Hey there, time traveller!
This article was published 27/5/2009 (2752 days ago), so information in it may no longer be current.
The wheels of justice may move slowly, but technology is ensuring that court and crime stories travel faster than ever down the information highway.
And that is clearly making a lot of people nervous.
Take Tuesday for example, where myself and the Free Press somehow found ourselves at the centre of a mini-courtroom controversy. It ended up being much-ado-about-nothing, but the fact the issue came up speaks volumes about the current legal climate.
A high-profile trial began this week pitting alleged white supremacist parents against Child and Family Services. At stake is the fate of two young children who have been apprehended largely on the grounds the parents are allegedly poisoning their minds with racist thoughts and beliefs.
CFS tried to have the media banned from covering the case, believing any publicity would cause further harm to the children. Several media outlets, including the Free Press, fought the application on the grounds the case is of national (and perhaps international) interest because of the unique issues involved and the public deserved to hear about it.
CFS claims promoting hatred and racism in children amounts to emotional abuse. The oldest child’s stepfather, who is the biological father of the younger child, has filed a constitutional challenge claiming his rights to freedom of speech, religion and expression have been infringed upon and the children should be returned immediately.
In the end, the judge rejected CFS’s bid and granted permission for reporters to attend the trial.
And so there we were, Monday morning, pens at the ready.

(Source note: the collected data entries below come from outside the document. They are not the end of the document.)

Definition is_star_hom {A A' : CStarAlg} (phi : A -> A') : Prop :=
  (forall a b, phi (add a b) = add (phi a) (phi b)) /\
  (forall c a, phi (smul c a) = smul c (phi a)) /\
  (forall a b, phi (mul a b) = mul (phi a) (phi b)) /\
  (forall a, phi (star a) = star (phi a)).

Definition is_ideal {A : CStarAlg} (I : A -> Prop) : Prop :=
  I zero /\
  (forall a b, I a -> I b -> I (add a b)) /\
  (forall c a, I a -> I (smul c a)) /\
  (forall a b, I a -> I (mul b a) /\ I (mul a b)) /\
  (forall (u : nat -> A) l, (forall k, I (u k)) ->
     (forall eps, eps > 0 -> exists N, forall p, (p >= N)%nat -> dist (u p) l < eps) ->
     I l).

Definition ideal_decomp (A : CStarAlg) (m : nat) (I : nat -> A -> Prop) : Prop :=
  (forall j, (j <= m)%nat -> is_ideal (I j)) /\
  (forall a : A, exists u : nat -> A,
     (forall j, (j <= m)%nat -> I j (u j)) /\ a = sumA u m).

(* points of Delta^m are functions x : nat -> R, with coordinates x 0..x m
   and x i = 0 for i > m (so points are determined by their m+1 coordinates) *)
Definition in_simplex (m : nat) (x : nat -> R) : Prop :=
  (forall i, (i <= m)%nat -> 0 <= x i <= 1) /\
  (forall i, (m < i)%nat -> x i = 0) /\
  sum_f_R0 x m = 1.

Definition Simplex (m : nat) := { x : nat -> R | in_simplex m x }.

Definition on_boundary {m} (x : Simplex m) : Prop :=
  exists i, (i <= m)%nat /\ proj1_sig x i = 0.

Definition in_face_j {m} (j : nat) (x : Simplex m) : Prop :=
  forall i, (i <= m)%nat -> proj1_sig x j <= proj1_sig x i.

Definition continuous_on_simplex {A : CStarAlg} {m} (f : Simplex m -> A) : Prop :=
  forall x eps, eps > 0 -> exists d, d > 0 /\ forall y : Simplex m,
    (forall i, (i <= m)%nat -> Rabs (proj1_sig x i - proj1_sig y i) < d) ->
    dist (f x) (f y) < eps.

Definition inB {A : CStarAlg} (m : nat) (I : nat -> A -> Prop)
  (f : Simplex m -> A) : Prop :=
  continuous_on_simplex f /\
  (forall x, on_boundary x -> f x = zero) /\
  (forall j x, (j <= m)%nat -> in_face_j j x -> I j (f x)).

Definition inBJ {A : CStarAlg} (m : nat) (I : nat -> A -> Prop) (J : nat -> Prop)
  (f : Simplex m -> A) : Prop :=
  inB m I f /\
  (forall j' x, (j' <= m)%nat -> ~ J j' -> in_face_j j' x -> f x = zero).

Definition I01 := { t : R | 0 <= t <= 1 }.

(* S B = continuous f : [0,1] -> B with f 0 = f 1 = 0, B carrying the sup norm.
   An element is stored uncurried as g : I01 * Simplex m -> A, with
   t |-> (x |-> g (t,x)) the function [0,1] -> B. *)
Definition inSBJ {A : CStarAlg} (m : nat) (I : nat -> A -> Prop) (J : nat -> Prop)
  (g : I01 * Simplex m -> A) : Prop :=
  (forall t, inBJ m I J (fun x => g (t, x))) /\
  (forall t x, (proj1_sig t = 0 \/ proj1_sig t = 1) -> g (t, x) = zero) /\
  (forall t eps, eps > 0 -> exists d, d > 0 /\ forall s : I01,
     Rabs (proj1_sig s - proj1_sig t) < d ->
     forall x, dist (g (s, x)) (g (t, x)) <= eps).

Definition zero_ideal (A : CStarAlg) : A -> Prop := fun a => a = zero.

Definition extend_zero {A : CStarAlg} (n : nat) (I : nat -> A -> Prop) : nat -> A -> Prop :=
  fun j => if Nat.eqb j (S n) then zero_ideal A else I j.

Definition addJ (J : nat -> Prop) (k : nat) : nat -> Prop := fun j => J j \/ j = k.

Definition is_star_iso_on {A : CStarAlg} {X Y : Type}
  (P : (X -> A) -> Prop) (Q : (Y -> A) -> Prop) (Phi : (X -> A) -> (Y -> A)) : Prop :=
  (forall f, P f -> Q (Phi f)) /\
  (forall f g, P f -> P g -> Phi f = Phi g -> f = g) /\
  (forall h, Q h -> exists f, P f /\ Phi f = h) /\
  (forall f g, P f -> P g -> Phi (fun z => add (f z) (g z)) = (fun y => add (Phi f y) (Phi g y))) /\
  (forall c f, P f -> Phi (fun z => smul c (f z)) = (fun y => smul c (Phi f y))) /\
  (forall f g, P f -> P g -> Phi (fun z => mul (f z) (g z)) = (fun y => mul (Phi f y) (Phi g y))) /\
  (forall f, P f -> Phi (fun z => star (f z)) = (fun y => star (Phi f y))).

(* The isomorphism is a transport of functions along an explicit map
     σ : [0,1] × Δ^n → Δ^{n+1},
     σ(t,x) = ((1-t) x_0, ..., (1-t) x_n, μ + t) / (1 + μ),   μ = min_i x_i.
   σ sends {t = 0} into the face Δ^{n+1}_{n+1}, {t = 1} to the apex y_{n+1} = 1,
   [0,1] × ∂Δ^n into ∂Δ^{n+1} and [0,1] × Δ^n_j into Δ^{n+1}_j; on {y_{n+1} < 1} it
   has the explicit inverse
     x = (y_0,...,y_n) / (1 - y_{n+1}),   t = y_{n+1} (1 + μ) - μ,
   where t <= 0 exactly on Δ^{n+1}_{n+1}.  A function g of the suspension is sent
   to h = g ∘ σ^{-1} (t clamped to [0,1]), extended by 0 at the apex; the inverse
   is h ↦ h ∘ σ.  Continuity of h at the apex uses that g(t, ·) → 0 uniformly as
   t → 1; continuity of h ∘ σ in t uniformly in x uses uniform continuity of h. *)
From Pilot Require Import Defs.
From Stdlib Require Import Reals Lra Lia.
From Stdlib Require Import ProofIrrelevance ClassicalEpsilon Classical FunctionalExtensionality.
Open Scope R_scope.
(* [Reals] also exports a [dist] and a [C]; use the ones of the C*-algebra setting. *)
Local Notation dist := Defs.dist.
Local Notation C := Defs.C.
(* Let $(S_n^{(1)},S_n^{(2)})_{n\ge0}$ be a two-elephant walking model with $\alpha_1\alpha_2\ne0$ and $\lambda_\alpha\ne\pm1$. Then for every $n\ge1$, $$x_n=\beta_n(\lambda_\alpha)\Big(x_1+\sum_{j=1}^{n-1}\frac{\gamma_j(\lambda_\alpha)}{\beta_{j+1}(\lambda_\alpha)}\varepsilon^{(x)}_{j+1}\Big),\qquad y_n=\beta_n(-\lambda_\alpha)\Big(y_1+\sum_{j=1}^{n-1}\frac{\gamma_j(-\lambda_\alpha)}{\beta_{j+1}(-\lambda_\alpha)}\varepsilon^{(y)}_{j+1}\Big),$$ and $(\varepsilon^{(x)}_{j+1})_{j\ge1}$, $(\varepsilon^{(y)}_{j+1})_{j\ge1}$ are martingale difference sequences with respect to $(\mathcal F_{j+1})_{j\ge1}$.
   Context: Two-elephant walking model: fix $p_1,p_2\in[0,1]$, $\alpha_i=2p_i-1$. Let $(\xi_n^{(1)})_{n\ge2}$ be i.i.d. Bernoulli($p_1$), $(\xi_n^{(2)})_{n\ge2}$ i.i.d. Bernoulli($p_2$), $(u_n^{(1)})_{n\ge1}$, $(u_n^{(2)})_{n\ge1}$ independent with $u_n^{(i)}$ uniform on $\{1,\dots,n\}$, all mutually independent. $S_0^{(i)}=0$, $X_1^{(1)},X_1^{(2)}\in\{-1,1\}$ given, and for $n\ge1$: $X_{n+1}^{(1)}:=(2\xi^{(1)}_{n+1}-1)X^{(2)}_{u_n^{(2)}}$, $X_{n+1}^{(2)}:=(2\xi^{(2)}_{n+1}-1)X^{(1)}_{u_n^{(1)}}$, $S_n^{(i)}=\sum_{k\le n}X_k^{(i)}$; $\mathcal F_n:=\sigma(X_j^{(i)}:1\le j\le n,\ i=1,2)$. Notation: $\lambda_\alpha:=\operatorname{sgn}(\alpha_2)\sqrt{\alpha_1\alpha_2}$ if $\alpha_1\alpha_2>0$ and $\lambda_\alpha:=\mathrm i\operatorname{sgn}(\alpha_2)\sqrt{-\alpha_1\alpha_2}$ if $\alpha_1\alpha_2<0$; $r_\alpha:=\sqrt{\alpha_1/\alpha_2}$ if $\alpha_1\alpha_2>0$ and $r_\alpha:=\mathrm i\sqrt{-\alpha_1/\alpha_2}$ if $\alpha_1\alpha_2<0$. For $n\ge1$: $\gamma_n(\pm\lambda_\alpha):=\frac{1\pm\lambda_\alpha}{n+1}$, $\beta_n(\pm\lambda_\alpha):=\prod_{k=1}^{n-1}(1-\gamma_k(\pm\lambda_\alpha))=\frac{\Gamma(n\mp\lambda_\alpha)}{\Gamma(1\mp\lambda_\alpha)\Gamma(n+1)}$ (with $\beta_1=1$); $x_n:=\frac{S_n^{(1)}-r_\alpha S_n^{(2)}}{n}$, $y_n:=\frac{S_n^{(1)}+r_\alpha S_n^{(2)}}{n}$; and for $j\ge1$ $$\varepsilon^{(x)}_{j+1}:=\frac{1}{1+\lambda_\alpha}\big(X^{(1)}_{j+1}-r_\alpha X^{(2)}_{j+1}+\lambda_\alpha x_j\big),\qquad \varepsilon^{(y)}_{j+1}:=\frac{1}{1-\lambda_\alpha}\big(X^{(1)}_{j+1}+r_\alpha X^{(2)}_{j+1}-\lambda_\alpha y_j\big).$$ *)

From HB Require Import structures.
From mathcomp Require Import all_boot all_order all_algebra.
From mathcomp Require Import all_classical all_reals all_analysis.
From mathcomp Require Import complex.

Set Implicit Arguments.
Unset Strict Implicit.
Unset Printing Implicit Defensive.

Import Order.TTheory GRing.Theory Num.Theory.
Local Open Scope classical_set_scope.
Local Open Scope ring_scope.

Definition alpha {R : realType} (p : R) : R := 2 * p - 1.

Definition lambda_a {R : realType} (a1 a2 : R) : R[i] :=
  if 0 < a1 * a2 then Complex (Num.sg a2 * Num.sqrt (a1 * a2)) 0
  else Complex 0 (Num.sg a2 * Num.sqrt (- (a1 * a2))).

(* r_alpha (complex) ; only meaningful when a1 * a2 != 0 *)
Definition r_a {R : realType} (a1 a2 : R) : R[i] :=
  if 0 < a1 * a2 then Complex (Num.sqrt (a1 / a2)) 0
  else Complex 0 (Num.sqrt (- (a1 / a2))).

Definition gam {R : realType} (n : nat) (z : R[i]) : R[i] := (1 + z) / (n.+1)%:R.

Definition bet {R : realType} (n : nat) (z : R[i]) : R[i] :=
  \prod_(1 <= k < n) (1 - gam k z).

Definition sgnb (b : bool) : int := if b then 1 else -1.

But many of us were equipped with another tool - the Blackberry. At the Free Press, our coverage plans included live, as-it-happens reporting direct from the courtroom through the wildly-popular Twitter website and my personal account, twitter.com/mikeoncrime. This would be in addition to our extensive website and newspaper coverage.
But there was just one catch - the judge ruled, just as the case was beginning, that all pagers must be shut off in court and texting, "Tweeting" or any other form of electronic communication from inside the room was banned.
This stems from her decision to allow the media to cover the trial - but with the provision that she reserves the right to re-visit that decision at any time if evidence begins to emerge that she believes may cause "undue harm" to the children if publicized.
As a result, instantaneous reporting from court was a no-no, as the judge clearly wanted to allow for a brief period of time to pass to ensure what we were all hearing in court wasn’t going to be the subject of any motions, bans, etc., before it was put on public display.
And that was fine. I quickly let my followers on Twitter know this, posting the following "Tweet" at 10:14 a.m. Monday just before I headed into court.
"Bad news - judge in CFS alleged "neo nazi" case has banned texting in court, won’t be able to do live updates, but will on breaks. Stay tuned."
The trial then began. I sat in court, along with other media, and never touched my Blackberry. It remained turned off the entire time. Only when they took the lunch break - and I was out of the courtroom - did I begin to post a series of rapid-fire Twitter updates about what had happened during the previous two hours.
I posted another bunch of updates during a mid-afternoon break and again at the end of the day once court had closed. All of this was made explicity clear in my time-stamped messages.
At least I thought it had.
Imagine my surprise when I showed up in court Tuesday morning to learn the lawyer representing the stepfather in this case had accused me of violating the judge’s order by posting live Twitter updates from court on Monday. She even had printed off transcripts of my "Tweets" and showed them to the judge.
I was stunned. Not only was this 100 per cent wrong and personally insulting, but it was potentially hazardous to all media given the judge’s previous warning and the fact she sitll had the right to re-examine whether the media could cover the case. The last thing we needed was to have our rights taken away by a false accusation such as this.
I waited until a break and spoke with the lawyer for CFS, letting him know that I absolutely had not violated the ban and my Twitter posts would back me up on that. I told him I take court orders seriously and would never snub my nose at one. He suggested I speak directly with the lawyer who had made the claims to see what could be done.
Unfortunately, she didn’t seem interested in my explanation and refused my request to go back to court and "correct the record" by telling the judge she was clearly mistaken in her claims. She suggested we get a media lawyer involved if we wanted to pursue the matter any further.
And that’s exactly what we did. Two hours later, just before court resumed for the afternoon sitting, a lawyer appeared on behalf of the Free Press to set the record straight. She assured the judge all orders had been complied with and would continue to be complied with. The judge was satisfied with the explanation and thanked the lawyer for coming down to clear things up. No harm, no foul.
In the process, a Canadian record may have been set for the most times the word "Twitter" and "Tweeting" have ever been uttered in a courtroom.
In the couple months I’ve been on Twitter, I’ve routinely updated live from court for sentencing hearings, jury verdicts and trials. Hundreds of followers seem to enjoy the ability to have a front-row seat on what’s happening, as it’s happening.
This is the first time an issue has ever arisen - although I don’t expect it to be the last.
After all, it’s clear everyone is still trying to wrap their heads around technology and the role it plays in various parts of our lives. I guess the storied-old justice system shouldn’t be any different.